Would you output the entries below only from the line containing "i.e. with 0-indexed" through the line containing "c as phi, and", exactly as they stand and with both ends included?

[Stored items]

..........

(* Let $r\ge2$, $\alpha_1,\dots,\alpha_r>0$, $m\ge1$, $f(z)=\mathrm{sgn}(z)\frac{|z|^m}{1+|z|^m}$, and consider $\dot x_1=f(x_r)-\alpha_1x_1$, $\dot x_j=x_{j-1}-\alpha_jx_j$ ($2\le j\le r$). Let $\phi=\prod_{i=1}^r\alpha_i$, $h(z)=f(z)/z$ for $z\ne0$, and $\mathcal{V}_0=(\prod_{i=2}^r\alpha_i,\prod_{i=3}^r\alpha_i,\dots,\alpha_r,1)^T$. Let $z\neq0$ with $h(z)=\phi$ (so that $z\mathcal{V}_0$ is an equilibrium). If $z>0$, then $z\mathcal{V}_0$ is asymptotically stable when $h'(z)<0$ and unstable when $h'(z)>0$. If $z<0$, then $z\mathcal{V}_0$ is asymptotically stable when $h'(z)>0$ and unstable when $h'(z)<0$.
   Context: Unstable means not Lyapunov stable. An equilibrium $p$ is asymptotically stable if there is a neighborhood $N$ of $p$ such that solutions starting in $N$ converge to $p$ uniformly in the initial point in $N$. *)

From Stdlib Require Import Reals Lra.
From Coquelicot Require Import Coquelicot.
Open Scope R_scope.

Definition sgn (z : R) : R :=
  if Rlt_dec 0 z then 1 else if Rlt_dec z 0 then -1 else 0.

(* f(z) = sgn(z) |z|^m / (1 + |z|^m)  (real exponent m; for z = 0 the
   factor sgn 0 = 0 makes f 0 = 0 regardless of Rpower's value at 0) *)
Definition fhill (m z : R) : R :=
  sgn z * Rpower (Rabs z) m / (1 + Rpower (Rabs z) m).

Definition hfun (m z : R) : R := fhill m z / z.

Fixpoint prodR (a : nat -> R) (k n : nat) : R :=
  match n with
  | O => 1
  | S n' => a k * prodR a (S k) n'
  end.

(* States are x : nat -> R; component j (0 <= j < r) stands for x_{j+1}. *)
Definition vfield (r : nat) (alpha : nat -> R) (m : R) (x : nat -> R)
  (j : nat) : R :=
  match j with
  | O => fhill m (x (r - 1)%nat) - alpha O * x O
  | S j' => x j' - alpha j * x j
  end.

Definition phi (r : nat) (alpha : nat -> R) : R := prodR alpha 0 r.

(* V0_j = prod_{i = j+2}^{r} alpha_i (1-indexed), i.e. with 0-indexed
   component j: product of alpha (j+1), ..., alpha (r-1). *)
Definition V0 (r : nat) (alpha : nat -> R) (j : nat) : R :=
  prodR alpha (S j) (r - 1 - j).

Definition is_solution (r : nat) (alpha : nat -> R) (m : R)
  (x : R -> nat -> R) : Prop :=
  forall t, 0 <= t -> forall j, (j < r)%nat ->
    is_derive (fun s => x s j) t (vfield r alpha m (x t) j).

Definition lyap_stable (r : nat) (alpha : nat -> R) (m : R)
  (p : nat -> R) : Prop :=
  forall eps, 0 < eps -> exists delta, 0 < delta /\
    forall x, is_solution r alpha m x ->
      (forall j, (j < r)%nat -> Rabs (x 0 j - p j) < delta) ->
      forall t, 0 <= t -> forall j, (j < r)%nat -> Rabs (x t j - p j) < eps.

Definition unstable (r : nat) (alpha : nat -> R) (m : R)
  (p : nat -> R) : Prop := ~ lyap_stable r alpha m p.

Definition asymp_stable (r : nat) (alpha : nat -> R) (m : R)
  (p : nat -> R) : Prop :=
  exists delta, 0 < delta /\
    forall eps, 0 < eps -> exists T,
      forall x, is_solution r alpha m x ->
        (forall j, (j < r)%nat -> Rabs (x 0 j - p j) < delta) ->
        forall t, T <= t -> forall j, (j < r)%nat -> Rabs (x t j - p j) < eps.

From Stdlib Require Import Reals Lra Lia Classical Factorial.
From Coquelicot Require Import Coquelicot.
Open Scope R_scope.

(* Write a solution as x = z V0 + q.  The deviation solves the cascade
     q_1' = g(q_r) - alpha_1 q_1,   q_j' = q_{j-1} - alpha_j q_j,   g(u) = f(z+u) - f(z),
   whose feedback gain c = f'(z) = phi + z h'(z) is nonnegative since f is nondecreasing;
   the sign conditions on h'(z) say exactly c < phi (stable case) or c > phi (unstable case).
   For a small mu > 0 the shifted rates a_i = alpha_i -+ mu keep prod a_i on the same side of
   c as phi, and with the weights W_j = 1 / (a_2 ... a_j) the barriers
   |q_j| < W_j K exp(-mu t), resp. q_j > W_j K exp(mu t), cannot be crossed first by any
   component: there it is compared with a scalar linear equation.  The first barrier gives
   uniform exponential convergence.  The second pushes every solution started in the positive
   weighted cone out of a fixed neighbourhood; such solutions exist because the vector field
   is globally Lipschitz (Picard iteration). *)

Lemma continuous_of_is_derive (f : R -> R) (t l : R) : is_derive f t l -> continuous f t.
Proof. intros H. apply (@ex_derive_continuous R_AbsRing R_NormedModule). exists l; exact H. Qed.
(* Let $G:[0,\nu)\to[0,\infty)$ be increasing with $G(0)=0$ and range $[0,\infty)$, and suppose that for every $c>0$ the function $x\mapsto G^{-1}(G(x)+G(c))$ is concave on $[0,\nu)$. Let $f$ be convex on $[0,\infty)$ with $f(1)=0$ and $\mathsf{D_m}(f)\le\nu$. Assume that $G(D_f(q_Yq_Z\|r_Yr_Z))\le G(D_f(q_Y\|r_Y))+G(D_f(q_Z\|r_Z))$ holds for all distributions $q_Y\ll r_Y$ on $\mathcal{Y}$ and $q_Z\ll r_Z$ on $\mathcal{Z}$ whenever $|\mathcal{Y}|=|\mathcal{Z}|=2$. Then this inequality holds for all distributions $q_Y\ll r_Y$, $q_Z\ll r_Z$ on finite alphabets $\mathcal{Y},\mathcal{Z}$ of arbitrary size.
   Context: For distributions $p\ll q$ on a finite set, $D_f(p\|q)=\sum_x q(x) f(p(x)/q(x))$ with $0f(0/0)=0$; $\mathsf{D_m}(f)=f(0)+\lim_{t\to\infty}f(t)/t$. *)

From HB Require Import structures.
From mathcomp Require Import all_boot all_order all_algebra.
From mathcomp Require Import all_classical all_reals all_analysis.
Set Implicit Arguments. Unset Strict Implicit. Unset Printing Implicit Defensive.
Import Order.TTheory GRing.Theory Num.Theory.
Local Open Scope classical_set_scope.
Local Open Scope ring_scope.

Section Defs.
Variable R : realType.

Definition convex_on (D : set R) (h : R -> R) : Prop :=
  forall x y t, D x -> D y -> 0 <= t -> t <= 1 ->
    h (t * x + (1 - t) * y) <= t * h x + (1 - t) * h y.

Definition concave_on (D : set R) (h : R -> R) : Prop :=
  forall x y t, D x -> D y -> 0 <= t -> t <= 1 ->
    t * h x + (1 - t) * h y <= h (t * x + (1 - t) * y).

Definition dom0 (nu : \bar R) : set R := fun x => 0 <= x /\ (x%:E < nu)%E.

(* the inverse of G on [0, nu) (unique preimage when G is strictly increasing) *)
Definition Ginv (G : R -> R) (nu : \bar R) (y : R) : R :=
  xget 0 (fun x => dom0 nu x /\ G x = y).

Definition is_dist (T : finType) (p : T -> R) : Prop :=
  (forall x, 0 <= p x) /\ \sum_(x : T) p x = 1.

Definition abs_cont (T : finType) (p q : T -> R) : Prop :=
  forall x, q x = 0 -> p x = 0.

(* f-divergence D_f(p||q) = sum_x q(x) f(p(x)/q(x)); for p << q the terms
   with q x = 0 vanish (0 * _ = 0), matching the convention 0 f(0/0) = 0 *)
Definition Df (f : R -> R) (T : finType) (p q : T -> R) : R :=
  \sum_(x : T) q x * f (p x / q x).

Definition prod_dist (Y Z : finType) (p : Y -> R) (q : Z -> R) : Y * Z -> R :=
  fun yz => p yz.1 * q yz.2.

Definition Dm (f : R -> R) : \bar R :=
  ((f 0)%:E + lim ((f t / t)%:E @[t --> +oo%R]))%E.

End Defs.
(* For every graph $G$ and every integer $r\ge 2$, $$\mathrm{glm}(G)\le \mathrm{had}(G\square K_2)\le 3\,\mathrm{had}_r(G),$$ and if $r$ is even then $$\mathrm{glm}(G)\le \mathrm{had}(G\square K_2)\le 2\,\mathrm{had}_r(G)\le 2\,\mathrm{had}_f(G).$$
   Context: $\mathrm{had}(H)$ is the largest $t$ such that $K_t$ is a minor of $H$. $G\square K_2$ is the Cartesian product: two disjoint copies of $G$ with an edge between each pair of corresponding vertices. A grid-like-minor of order $t$ in $G$ is a set $\mathcal P$ of paths in $G$ whose intersection graph (vertices $\mathcal P$, two paths adjacent if they share a vertex) is bipartite and contains a $K_t$-minor; $\mathrm{glm}(G)$ is the maximum order of a grid-like-minor of $G$. Two subgraphs touch if they share a vertex or an edge joins them; a bramble is a set of pairwise touching connected subgraphs. The fractional Hadwiger number $\mathrm{had}_f(G)$ is the maximum $h$ for which there is a bramble $\mathcal B$ in $G$ and a weight function $w:\mathcal B\to\mathbb R_{\ge0}$ with $h=\sum_{X\in\mathcal B}w(X)$ and, for each vertex $v$, the total weight of elements of $\mathcal B$ containing $v$ at most $1$. For a positive integer $r$, $\mathrm{had}_r(G)$ is defined identically except that all weights must be multiples of $\frac1r$. *)

From HB Require Import structures.
From mathcomp Require Import all_boot all_order all_algebra.
From mathcomp Require Import boolp classical_sets reals.
Set Implicit Arguments. Unset Strict Implicit. Unset Printing Implicit Defensive.
Import Order.TTheory GRing.Theory Num.Theory.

..........

Expected answer:
(* V0_j = prod_{i = j+2}^{r} alpha_i (1-indexed), i.e. with 0-indexed
   component j: product of alpha (j+1), ..., alpha (r-1). *)
Definition V0 (r : nat) (alpha : nat -> R) (j : nat) : R :=
  prodR alpha (S j) (r - 1 - j).

Definition is_solution (r : nat) (alpha : nat -> R) (m : R)
  (x : R -> nat -> R) : Prop :=
  forall t, 0 <= t -> forall j, (j < r)%nat ->
    is_derive (fun s => x s j) t (vfield r alpha m (x t) j).

Definition lyap_stable (r : nat) (alpha : nat -> R) (m : R)
  (p : nat -> R) : Prop :=
  forall eps, 0 < eps -> exists delta, 0 < delta /\
    forall x, is_solution r alpha m x ->
      (forall j, (j < r)%nat -> Rabs (x 0 j - p j) < delta) ->
      forall t, 0 <= t -> forall j, (j < r)%nat -> Rabs (x t j - p j) < eps.

Definition unstable (r : nat) (alpha : nat -> R) (m : R)
  (p : nat -> R) : Prop := ~ lyap_stable r alpha m p.

Definition asymp_stable (r : nat) (alpha : nat -> R) (m : R)
  (p : nat -> R) : Prop :=
  exists delta, 0 < delta /\
    forall eps, 0 < eps -> exists T,
      forall x, is_solution r alpha m x ->
        (forall j, (j < r)%nat -> Rabs (x 0 j - p j) < delta) ->
        forall t, T <= t -> forall j, (j < r)%nat -> Rabs (x t j - p j) < eps.

From Stdlib Require Import Reals Lra Lia Classical Factorial.
From Coquelicot Require Import Coquelicot.
Open Scope R_scope.

(* Write a solution as x = z V0 + q.  The deviation solves the cascade
     q_1' = g(q_r) - alpha_1 q_1,   q_j' = q_{j-1} - alpha_j q_j,   g(u) = f(z+u) - f(z),
   whose feedback gain c = f'(z) = phi + z h'(z) is nonnegative since f is nondecreasing;
   the sign conditions on h'(z) say exactly c < phi (stable case) or c > phi (unstable case).
   For a small mu > 0 the shifted rates a_i = alpha_i -+ mu keep prod a_i on the same side of
   c as phi, and with the weights W_j = 1 / (a_2 ... a_j) the barriers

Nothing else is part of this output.